In a functional justice system, perjury is treated as a serious crime and a witness turning hostile is a rare phenomenon. In Punjab, intimidating or buying silence of witnesses is a common practice. Courts have passed strictures against shoddy investigations and recommended action against investigating officers trying to protect their political masters, but to no effect. Instead, their loyalty has been rewarded. This has happened in the disproportionate asset cases against the Badals. 

A far more effective deterrent to drug smuggling is to implement the existing laws, which is not done to the desired extent. Last year, the Punjab Cabinet had approved a law to confiscate property of convicts in drug cases. But leave aside any attachment of assets, conviction itself is a big challenge.  

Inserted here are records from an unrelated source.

Lemma near_open_box a b d : open_box a b d -> near d (open_box a b).
Proof.
  intros [H1 [H2 H3]].
  apply near_and; [| apply near_and];
    [apply (near_between px) | apply (near_between py) | apply (near_between pz)];
    try assumption; intro y; apply coord_lipschitz.
Qed.

Definition guarded_by_face_avoiding (P T B : pt3 -> Prop) : Prop :=
  exists F, closed_face P F /\ guards P F /\ ~ same_set F T /\ ~ same_set F B.

(* Main face lemma: if the relative interior of a flat box lies in the plane
   n.y = c inside an open box where P is the half-space n.y >= c, then its
   points are flat points of one connected component, whose closure is a
   closed face containing the closed box; it guards P as soon as the closed
   box does. *)
Lemma flat_box_face_guards P T B lo hi a b n c :
  unit_vec n -> box_le lo hi ->
  (forall d, flat_box lo hi d -> dot n d = c /\ open_box a b d) ->
  (forall y, open_box a b y -> (P y <-> c <= dot n y)) ->
  guards P (closed_box lo hi) ->
  ~ T (box_center lo hi) -> ~ B (box_center lo hi) ->
  guarded_by_face_avoiding P T B.
Proof.
  intros Hn Hle Hplane Hlocal Hguard HT HB.
  set (x0 := box_center lo hi).
  assert (Hx0 : flat_box lo hi x0) by (apply flat_box_center, Hle).
  assert (Hflat : forall d, flat_box lo hi d -> flat_pt P n c d).
  { intros d Hd. destruct (Hplane d Hd) as [Hdc Hab].
    apply halfspace_flat; [exact Hn | exact Hdc |].
    apply near_mono with (open_box a b); [exact Hlocal | apply near_open_box, Hab]. }
  set (S := component dist3 (flat_pt P n c) x0).
  assert (Hcomp : forall d, flat_box lo hi d -> S d).
  { intros d Hd. split; [apply Hflat, Hx0 |].
    exists (flat_box lo hi). split; [exact Hflat |].
    split; [exact Hx0 |]. split; [exact Hd |].
    apply convex_connected, flat_box_convex. }
  assert (HF0 : closure dist3 S x0) by (apply closure_self, Hcomp, Hx0).
  exists (closure dist3 S). split; [| split; [| split]].
  - exists n, c, x0. split; [| split; [apply Hflat, Hx0 | tauto]].
    intro E. rewrite E in Hn. unfold unit_vec in Hn; simpl in Hn. lra.
  - intros p Pp. destruct (Hguard p Pp) as [q [Hq Hvis]]. exists q. split; [| exact Hvis].
    apply closure_mono with (flat_box lo hi); [exact Hcomp |].
    apply closed_box_closure with x0; assumption.
  - intro E. apply HT, E, HF0.
  - intro E. apply HB, E, HF0.
Qed.

(** * Visibility inside the stack *)

Definition watched_through (P G B : pt3 -> Prop) : Prop :=
  exists (C : pt3 -> Prop) q,
    convex C /\ (forall x, B x -> C x) /\ (forall x, C x -> P x) /\ C q /\ G q.

Lemma watched_sees P G B p :
  watched_through P G B -> B p -> exists q, G q /\ visible P p q.
Proof.
  intros [C [q [Hconv [HBC [HCP [Cq Gq]]]]]] Bp. exists q. split; [exact Gq |].
  intros s Hs. apply HCP, (Hconv p q s); auto.
Qed.

Lemma stack_guarded R1 R2 R3 z0 z1 z2 z3 G :
  watched_through (stack3 R1 R2 R3 z0 z1 z2 z3) G (brick R1 z0 z1) ->
  watched_through (stack3 R1 R2 R3 z0 z1 z2 z3) G (brick R2 z1 z2) ->
  watched_through (stack3 R1 R2 R3 z0 z1 z2 z3) G (brick R3 z2 z3) ->
  guards (stack3 R1 R2 R3 z0 z1 z2 z3) G.
Proof.
  intros W1 W2 W3 p [Hp | [Hp | Hp]];
    [exact (watched_sees _ _ _ p W1 Hp) | exact (watched_sees _ _ _ p W2 Hp)
    | exact (watched_sees _ _ _ p W3 Hp)].
Qed.

Lemma brick_convex Q zlo zhi : convex (brick Q zlo zhi).
Proof.
  intros x y s [[Hx1 Hx2] Hx3] [[Hy1 Hy2] Hy3] Hs.
  cbn [fst snd] in *. split; [split |]; apply interval_convex; assumption.
Qed.

Lemma column_in_solid (P : pt3 -> Prop) Q Qa Qb za zb zc :
  subset2 (in_rect Q) (in_rect Qa) -> subset2 (in_rect Q) (in_rect Qb) ->
  (forall x, brick Qa za zb x -> P x) -> (forall x, brick Qb zb zc x -> P x) ->
  forall x, brick Q za zc x -> P x.
Proof.
  intros HQa HQb Ha Hb x [Hx Hz].
  destruct (Rle_dec (pz x) zb); [apply Ha | apply Hb]; split; auto; lra.
Qed.

Definition touches_side (A B : rect) (k : nat) : Prop :=
  exists w, side B k w /\ in_rect A w.

Lemma subset_bounds A B :
  valid_rect A -> subset2 (in_rect A) (in_rect B) ->
  rx1 B <= rx1 A /\ rx2 A <= rx2 B /\ ry1 B <= ry1 A /\ ry2 A <= ry2 B.
Proof.
  intros [VA1 VA2] Hs. unfold in_rect in Hs.
  pose proof (Hs (rx1 A, ry1 A)) as H1; pose proof (Hs (rx2 A, ry2 A)) as H2.
  cbn [fst snd] in *. specialize (H1 ltac:(lra)); specialize (H2 ltac:(lra)). lra.
Qed.

Lemma side_nonempty Q k : valid_rect Q -> exists w, side Q k w.
Proof.
  intros [V1 V2]. destruct k as [| [| [| k]]];
    [exists (rx1 Q, ry1 Q) | exists (rx2 Q, ry1 Q) | exists (rx1 Q, ry1 Q) | exists (rx1 Q, ry2 Q)];
    simpl; lra.
Qed.

Lemma side_in_rect Q k w : valid_rect Q -> side Q k w -> in_rect Q w.
Proof. intros [V1 V2]. unfold in_rect; destruct k as [| [| [| k]]]; simpl; lra. Qed.

Lemma touches_of_subset A B k :
  valid_rect B -> subset2 (in_rect B) (in_rect A) -> touches_side A B k.
Proof.
  intros VB Hs. destruct (side_nonempty B k VB) as [w Hw].
  exists w. split; [exact Hw |]. apply Hs, (side_in_rect B k w VB Hw).
Qed.

Lemma contact_type_exists A B : exists i, contact_type A B i.
Proof.
  set (f := fun k => if excluded_middle_informative (~ subset2 (side A k) (rect_bd B))
                     then true else false).
  exists (b2n (f 0%nat) + b2n (f 1%nat) + b2n (f 2%nat) + b2n (f 3%nat))%nat.
  exists f. split; [| reflexivity].
  intros k _. unfold f.
  destruct excluded_middle_informative; split; intros; auto; try discriminate; contradiction.
Qed.
(* Let $P:\mathbf{R}^{24}\to\mathbf{R}$, $P(X,Y,Z)=\mathrm{Re}((oX\cdot oY)\cdot oZ)$, let $H\subset\mathbf{R}^{24}$ be a 21-dimensional linear subspace and $S^{20}_1$ its unit sphere. Let $\delta\in[1,2)$, $a,\bar b\in S^{20}_1$, $W=P(a)$, $\bar W=P(\bar b)$, and let $$\mu_1(\delta)=\tfrac{2}{\sqrt3}\cos\Big(\tfrac{\arccos(3\sqrt3W)-\pi}{3}\Big)-W\delta,\quad \mu_2(\delta)=\tfrac{2}{\sqrt3}\cos\Big(\tfrac{\arccos(3\sqrt3W)+\pi}{3}\Big)-W\delta,$$ $$\mu_3(\delta)=-\tfrac{2}{\sqrt3}\cos\Big(\tfrac{\arccos(3\sqrt3W)}{3}\Big)-W\delta,$$ which satisfy $\mu_1(\delta)\ge\mu_2(\delta)\ge\mu_3(\delta)$ and are the roots of $T^3+3W\delta T^2+(3W^2\delta^2-1)T+W(2-\delta)+W^3\delta^3$ (i.e. of $Q(T+\delta W)$ where $Q(T)=T^3-T+2W$); define $\bar\mu_1(\delta)\ge\bar\mu_2(\delta)\ge\bar\mu_3(\delta)$ by the same formulas with $W$ replaced by $\bar W$. For $K>0$ put $$\mu_-(K)=\min_{i=1,2,3}\big(\mu_i(\delta)-K\bar\mu_i(\delta)\big),\qquad \mu_+(K)=\max_{i=1,2,3}\big(\mu_i(\delta)-K\bar\mu_i(\delta)\big).$$ Then for every $K>0$ with $|K-1|+|\bar W-W|\neq0$, $$\frac{2-\delta}{4+\delta}\le\frac{\mu_+(K)}{-\mu_-(K)}\le\frac{4+\delta}{2-\delta}.$$
   Context: $\mathcal{O}$ denotes the algebra of Cayley octonions: the 8-dimensional real algebra with basis $1,e_1,\dots,e_7$, where $1$ is the unit, $e_i^2=-1$, $e_ie_j=-e_je_i$ for $i\neq j$, and for every $i$ (indices mod 7) $e_ie_{i+1}=e_{i+3}$, $e_{i+1}e_{i+3}=e_i$, $e_{i+3}e_i=e_{i+1}$. For $t\in\mathbf{R}^8$, $ot=t_0+t_1e_1+\dots+t_7e_7$; $\mathrm{Re}$ is the coefficient of $1$; $\mathbf{R}^{24}=(\mathbf{R}^8)^3$. On the unit sphere of $\mathbf{R}^{24}$ one has $|P|\le 1/(3\sqrt3)$. *)

From mathcomp Require Import all_boot all_order all_algebra.
From mathcomp Require Import all_classical all_reals all_analysis.
Set Implicit Arguments. Unset Strict Implicit. Unset Printing Implicit Defensive.
Import Order.TTheory GRing.Theory Num.Theory.
Local Open Scope ring_scope.

Section Oct.
Variable R : realType.

(* Fano lines (0-based, mod 7): {s, s+1, s+3}; with e_(i+1) = basis index i+1.
   e_a e_b = e_c when (a,b,c) is a cyclic rotation of (s, s+1, s+3). *)
Definition cyc_match (s a b c : nat) : bool :=
  let x := (s %% 7)%N in let y := (s.+1 %% 7)%N in let z := ((s + 3) %% 7)%N in
  [|| (a, b, c) == (x, y, z), (a, b, c) == (y, z, x) | (a, b, c) == (z, x, y)].

Definition fano_coef (a b c : nat) : R :=
  \sum_(s < 7) ((cyc_match s a b c)%:R - (cyc_match s b a c)%:R).

(* structure constants: e_i e_j = sum_k oct_coef i j k e_k, e_0 = 1 *)
Definition oct_coef (i j k : 'I_8) : R :=
  if i == 0 :> nat then (j == k)%:R
  else if j == 0 :> nat then (i == k)%:R
  else if i == j then - (k == 0 :> nat)%:R
  else if k == 0 :> nat then 0
  else fano_coef i.-1 j.-1 k.-1.

Definition omul (x y : 'rV[R]_8) : 'rV[R]_8 :=
  \row_k \sum_(i < 8) \sum_(j < 8) x 0 i * y 0 j * oct_coef i j k.

Definition ore (x : 'rV[R]_8) : R := x 0 0.

Definition blk (v : 'rV[R]_24) (m : nat) : 'rV[R]_8 :=
  \row_(i < 8) v 0 (inord (8 * m + i)%N).

Definition P (v : 'rV[R]_24) : R :=
  ore (omul (omul (blk v 0) (blk v 1)) (blk v 2)).

Definition sqnorm n (v : 'rV[R]_n) : R := \sum_(i < n) v 0 i ^+ 2.

Definition mu1 (W d : R) : R :=
  2 / Num.sqrt 3 * cos ((acos (3 * Num.sqrt 3 * W) - pi) / 3) - W * d.
Definition mu2 (W d : R) : R :=
  2 / Num.sqrt 3 * cos ((acos (3 * Num.sqrt 3 * W) + pi) / 3) - W * d.
Definition mu3 (W d : R) : R :=
  - (2 / Num.sqrt 3) * cos (acos (3 * Num.sqrt 3 * W) / 3) - W * d.

Definition mu_minus (W Wb d K : R) : R :=
  Num.min (mu1 W d - K * mu1 Wb d)
    (Num.min (mu2 W d - K * mu2 Wb d) (mu3 W d - K * mu3 Wb d)).
Definition mu_plus (W Wb d K : R) : R :=
  Num.max (mu1 W d - K * mu1 Wb d)
    (Num.max (mu2 W d - K * mu2 Wb d) (mu3 W d - K * mu3 Wb d)).
End Oct.
Lemma quot_card_det M : \det M != 0 ->
  quot_card (fun _ => True) (rowlattice M) `|\det M|.
Proof.
move=> detM; have [L Lunit [R Runit [d _ defM]]] := int_Smith_normal_form M.
pose dr : 'rV[int]_n := \row_i d`_i.
have defD : \matrix_(i, j) (d`_i *+ (i == j :> nat)) = diag_mx dr.
  by apply/matrixP => i j; rewrite !mxE.
rewrite defD in defM.
have detD : \det M = \det L * \prod_i dr 0%R i * \det R.
  by rewrite defM !det_mulmx det_diag.
have dr_neq0 i : dr 0%R i != 0.
  by apply: contraNneq detM; rewrite detD (bigD1 i) //= => ->; rewrite !(mul0r, mulr0).
have -> : `|\det M|%N = (\prod_i `|dr 0%R i|)%N.
  by rewrite detD !abszM !absz_det_unitmx // mul1n muln1 (big_morph absz abszM absz1).
apply: (quot_card_ext _ _ (quot_card_mulmx (quot_card_diag dr_neq0) (K := R) _)).
- by move=> y; split=> // _; exists (y *m invmx R); rewrite mulmxKV.
- by move=> y; rewrite defM -mulmxA; apply: iff_sym; apply: rowlattice_unitl.
- move=> v vR0; exists 0; rewrite mul0mx; apply: mulmx_det_eq0 vR0.
  by rewrite -absz_eq0 absz_det_unitmx.
Qed.

End Lattices.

Asset seizure can be an effective deterrent. After all, they all do it for money. The fear of losing everything may keep criminals in check. Guilty politicians need a sterner punishment. Apart from stripping them of all their assets, a life-time disqualification from politics can be an additional feature. A social boycott of drug smugglers, including those who escape the law, can put some pressure. No problem defies a solution provided people cooperate and join hands to solve it. 

By recommending death for drugs, the Punjab leadership has put the ball in the Centre's court. The leadership may cleverly pat its own back, but obviously this is not enough. Much more needs to be done. Systemic manipulation may help up to a point, but if things don't change soon enough, public anger reflected in the social media movement "Maro Ya Virodh Karo" can spill over to the streets.